[Records from a data collection]

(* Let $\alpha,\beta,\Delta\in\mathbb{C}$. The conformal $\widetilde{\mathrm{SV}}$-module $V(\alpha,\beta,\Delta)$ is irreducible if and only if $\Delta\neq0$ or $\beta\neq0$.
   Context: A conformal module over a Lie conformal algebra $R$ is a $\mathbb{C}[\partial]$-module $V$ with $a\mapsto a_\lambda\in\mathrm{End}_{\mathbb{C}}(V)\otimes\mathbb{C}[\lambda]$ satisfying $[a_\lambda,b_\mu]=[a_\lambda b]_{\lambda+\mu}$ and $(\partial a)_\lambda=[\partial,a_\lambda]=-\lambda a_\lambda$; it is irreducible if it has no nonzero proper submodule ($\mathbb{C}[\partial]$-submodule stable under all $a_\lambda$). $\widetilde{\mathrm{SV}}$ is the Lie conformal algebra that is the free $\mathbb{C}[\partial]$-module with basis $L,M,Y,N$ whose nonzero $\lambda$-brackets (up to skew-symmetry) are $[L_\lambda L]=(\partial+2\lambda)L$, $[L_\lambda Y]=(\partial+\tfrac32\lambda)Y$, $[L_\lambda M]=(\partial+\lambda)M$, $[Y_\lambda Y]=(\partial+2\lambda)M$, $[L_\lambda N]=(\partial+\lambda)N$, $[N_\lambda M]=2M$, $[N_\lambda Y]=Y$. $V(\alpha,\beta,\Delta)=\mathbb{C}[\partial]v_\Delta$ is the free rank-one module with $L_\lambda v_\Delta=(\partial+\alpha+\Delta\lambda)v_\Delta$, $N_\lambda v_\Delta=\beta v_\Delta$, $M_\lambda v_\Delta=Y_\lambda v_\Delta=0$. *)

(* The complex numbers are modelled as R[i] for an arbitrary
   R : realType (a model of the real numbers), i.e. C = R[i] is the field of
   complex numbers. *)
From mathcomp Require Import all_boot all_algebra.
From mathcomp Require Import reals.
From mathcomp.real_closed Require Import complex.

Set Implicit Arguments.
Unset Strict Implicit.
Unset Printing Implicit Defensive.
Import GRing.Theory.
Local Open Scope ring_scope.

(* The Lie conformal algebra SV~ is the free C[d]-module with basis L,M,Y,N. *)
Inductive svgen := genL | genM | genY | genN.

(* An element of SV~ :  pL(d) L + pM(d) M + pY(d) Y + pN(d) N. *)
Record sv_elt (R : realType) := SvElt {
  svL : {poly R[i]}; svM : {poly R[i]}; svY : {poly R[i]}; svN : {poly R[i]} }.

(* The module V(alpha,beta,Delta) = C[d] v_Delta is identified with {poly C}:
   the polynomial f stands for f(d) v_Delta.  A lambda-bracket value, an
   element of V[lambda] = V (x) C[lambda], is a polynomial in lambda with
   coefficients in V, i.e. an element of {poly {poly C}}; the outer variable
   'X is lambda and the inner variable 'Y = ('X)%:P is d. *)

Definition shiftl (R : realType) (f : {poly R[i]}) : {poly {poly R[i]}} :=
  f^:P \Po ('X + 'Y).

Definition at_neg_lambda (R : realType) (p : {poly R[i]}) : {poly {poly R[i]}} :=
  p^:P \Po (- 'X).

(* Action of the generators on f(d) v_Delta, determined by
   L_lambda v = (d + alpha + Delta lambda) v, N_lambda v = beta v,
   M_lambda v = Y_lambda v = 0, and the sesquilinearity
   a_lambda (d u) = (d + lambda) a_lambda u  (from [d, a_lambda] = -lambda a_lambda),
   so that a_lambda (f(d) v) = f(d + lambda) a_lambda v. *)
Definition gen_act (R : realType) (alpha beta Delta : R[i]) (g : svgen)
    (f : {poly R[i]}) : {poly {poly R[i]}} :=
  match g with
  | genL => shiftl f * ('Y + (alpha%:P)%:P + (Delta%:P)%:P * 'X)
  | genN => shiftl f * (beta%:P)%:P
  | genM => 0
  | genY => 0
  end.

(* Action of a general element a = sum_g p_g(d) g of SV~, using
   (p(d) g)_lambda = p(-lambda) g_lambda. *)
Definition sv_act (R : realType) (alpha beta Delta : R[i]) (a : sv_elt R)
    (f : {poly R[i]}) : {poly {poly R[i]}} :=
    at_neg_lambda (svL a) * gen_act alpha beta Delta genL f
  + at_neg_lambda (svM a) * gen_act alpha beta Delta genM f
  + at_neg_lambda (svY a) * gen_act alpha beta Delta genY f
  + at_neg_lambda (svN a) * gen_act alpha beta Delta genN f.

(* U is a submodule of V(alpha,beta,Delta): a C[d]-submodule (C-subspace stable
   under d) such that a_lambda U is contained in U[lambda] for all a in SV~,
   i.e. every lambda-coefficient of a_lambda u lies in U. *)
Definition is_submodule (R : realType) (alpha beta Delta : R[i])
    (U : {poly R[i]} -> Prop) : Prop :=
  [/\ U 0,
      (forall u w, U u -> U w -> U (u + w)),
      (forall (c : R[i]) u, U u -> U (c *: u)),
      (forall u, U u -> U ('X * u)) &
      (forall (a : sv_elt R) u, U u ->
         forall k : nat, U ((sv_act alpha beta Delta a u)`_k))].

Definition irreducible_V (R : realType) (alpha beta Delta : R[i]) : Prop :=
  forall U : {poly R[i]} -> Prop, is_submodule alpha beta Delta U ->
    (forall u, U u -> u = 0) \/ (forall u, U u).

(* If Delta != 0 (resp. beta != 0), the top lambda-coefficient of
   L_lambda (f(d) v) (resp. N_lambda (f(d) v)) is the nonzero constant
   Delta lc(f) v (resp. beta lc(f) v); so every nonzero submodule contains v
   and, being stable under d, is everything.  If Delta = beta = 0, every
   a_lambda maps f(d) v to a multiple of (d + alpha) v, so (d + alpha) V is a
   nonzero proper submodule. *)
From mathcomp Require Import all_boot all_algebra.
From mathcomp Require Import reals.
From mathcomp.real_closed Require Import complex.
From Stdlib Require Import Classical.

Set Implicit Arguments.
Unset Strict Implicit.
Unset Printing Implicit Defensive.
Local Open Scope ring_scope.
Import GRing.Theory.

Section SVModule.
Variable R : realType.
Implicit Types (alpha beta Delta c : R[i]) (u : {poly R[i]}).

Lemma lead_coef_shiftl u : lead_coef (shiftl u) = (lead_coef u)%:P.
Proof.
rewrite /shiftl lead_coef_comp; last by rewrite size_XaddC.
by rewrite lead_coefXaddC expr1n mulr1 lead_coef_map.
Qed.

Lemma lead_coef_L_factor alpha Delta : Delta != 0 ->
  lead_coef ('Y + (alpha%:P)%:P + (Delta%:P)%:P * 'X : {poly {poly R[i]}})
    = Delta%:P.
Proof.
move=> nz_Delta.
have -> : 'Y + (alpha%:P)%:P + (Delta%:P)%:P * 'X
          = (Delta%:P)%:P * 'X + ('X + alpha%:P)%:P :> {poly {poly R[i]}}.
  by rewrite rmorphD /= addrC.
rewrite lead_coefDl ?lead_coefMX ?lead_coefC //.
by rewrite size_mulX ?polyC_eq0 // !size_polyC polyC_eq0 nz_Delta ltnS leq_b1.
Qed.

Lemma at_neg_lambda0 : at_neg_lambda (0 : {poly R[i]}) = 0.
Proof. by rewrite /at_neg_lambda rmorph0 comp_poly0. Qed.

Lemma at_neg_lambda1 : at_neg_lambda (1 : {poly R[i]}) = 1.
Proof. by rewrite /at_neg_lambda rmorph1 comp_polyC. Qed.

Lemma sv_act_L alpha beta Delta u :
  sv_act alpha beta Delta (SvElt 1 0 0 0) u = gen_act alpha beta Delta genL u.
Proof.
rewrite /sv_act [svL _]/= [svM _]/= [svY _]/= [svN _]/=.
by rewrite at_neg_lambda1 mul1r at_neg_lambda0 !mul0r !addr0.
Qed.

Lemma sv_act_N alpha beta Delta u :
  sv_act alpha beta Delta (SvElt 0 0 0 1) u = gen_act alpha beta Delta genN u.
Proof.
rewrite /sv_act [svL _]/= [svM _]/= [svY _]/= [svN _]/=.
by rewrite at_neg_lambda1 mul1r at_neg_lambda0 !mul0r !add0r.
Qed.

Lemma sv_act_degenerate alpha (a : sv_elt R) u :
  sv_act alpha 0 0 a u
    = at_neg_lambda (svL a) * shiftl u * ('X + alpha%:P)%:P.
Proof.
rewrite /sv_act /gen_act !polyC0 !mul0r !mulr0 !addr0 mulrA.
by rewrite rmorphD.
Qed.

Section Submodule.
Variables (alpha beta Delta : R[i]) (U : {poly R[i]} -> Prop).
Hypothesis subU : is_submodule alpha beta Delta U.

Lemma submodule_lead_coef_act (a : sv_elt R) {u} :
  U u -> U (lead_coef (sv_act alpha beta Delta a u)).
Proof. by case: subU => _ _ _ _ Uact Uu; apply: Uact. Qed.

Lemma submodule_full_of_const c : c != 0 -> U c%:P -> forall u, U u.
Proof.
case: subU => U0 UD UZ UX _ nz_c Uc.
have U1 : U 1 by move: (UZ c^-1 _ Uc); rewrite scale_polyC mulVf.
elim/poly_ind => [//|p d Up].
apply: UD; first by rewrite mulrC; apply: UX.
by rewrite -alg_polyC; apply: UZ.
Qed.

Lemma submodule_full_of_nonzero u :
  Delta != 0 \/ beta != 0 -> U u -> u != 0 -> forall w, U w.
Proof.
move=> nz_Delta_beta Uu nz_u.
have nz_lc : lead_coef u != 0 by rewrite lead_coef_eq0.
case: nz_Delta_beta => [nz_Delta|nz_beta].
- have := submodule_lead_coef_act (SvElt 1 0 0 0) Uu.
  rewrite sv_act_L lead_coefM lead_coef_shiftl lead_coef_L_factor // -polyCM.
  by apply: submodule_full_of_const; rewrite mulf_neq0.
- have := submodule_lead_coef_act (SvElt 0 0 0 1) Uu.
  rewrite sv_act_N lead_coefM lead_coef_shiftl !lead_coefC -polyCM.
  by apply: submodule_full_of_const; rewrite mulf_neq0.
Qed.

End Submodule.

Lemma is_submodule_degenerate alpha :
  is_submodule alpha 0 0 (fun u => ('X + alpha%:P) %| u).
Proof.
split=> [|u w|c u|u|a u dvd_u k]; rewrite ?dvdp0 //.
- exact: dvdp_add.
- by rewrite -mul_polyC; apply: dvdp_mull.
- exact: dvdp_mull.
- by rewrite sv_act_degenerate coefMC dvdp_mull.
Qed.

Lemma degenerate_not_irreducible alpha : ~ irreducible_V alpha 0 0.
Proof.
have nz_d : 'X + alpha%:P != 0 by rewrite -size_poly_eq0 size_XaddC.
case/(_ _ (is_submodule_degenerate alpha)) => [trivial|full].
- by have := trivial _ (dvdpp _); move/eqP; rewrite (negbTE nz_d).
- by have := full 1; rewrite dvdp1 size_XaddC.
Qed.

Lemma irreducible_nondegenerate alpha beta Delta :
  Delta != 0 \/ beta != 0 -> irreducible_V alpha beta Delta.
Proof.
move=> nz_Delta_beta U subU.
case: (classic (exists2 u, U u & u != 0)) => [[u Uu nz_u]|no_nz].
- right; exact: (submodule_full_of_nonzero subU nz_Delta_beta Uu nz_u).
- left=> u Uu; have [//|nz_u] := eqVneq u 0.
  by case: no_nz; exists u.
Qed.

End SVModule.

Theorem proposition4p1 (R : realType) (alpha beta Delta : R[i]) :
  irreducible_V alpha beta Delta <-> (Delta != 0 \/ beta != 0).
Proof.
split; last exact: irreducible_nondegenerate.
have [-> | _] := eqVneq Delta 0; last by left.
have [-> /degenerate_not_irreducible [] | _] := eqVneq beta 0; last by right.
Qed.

**Your assignment:**
Lines from the one containing "- right; exact: (submodule_full_of_nonzero" to the last line above, both included: copy these exactly and write nothing else.

**Written solution:**
- right; exact: (submodule_full_of_nonzero subU nz_Delta_beta Uu nz_u).
- left=> u Uu; have [//|nz_u] := eqVneq u 0.
  by case: no_nz; exists u.
Qed.

End SVModule.

Theorem proposition4p1 (R : realType) (alpha beta Delta : R[i]) :
  irreducible_V alpha beta Delta <-> (Delta != 0 \/ beta != 0).
Proof.
split; last exact: irreducible_nondegenerate.
have [-> | _] := eqVneq Delta 0; last by left.
have [-> /degenerate_not_irreducible [] | _] := eqVneq beta 0; last by right.
Qed.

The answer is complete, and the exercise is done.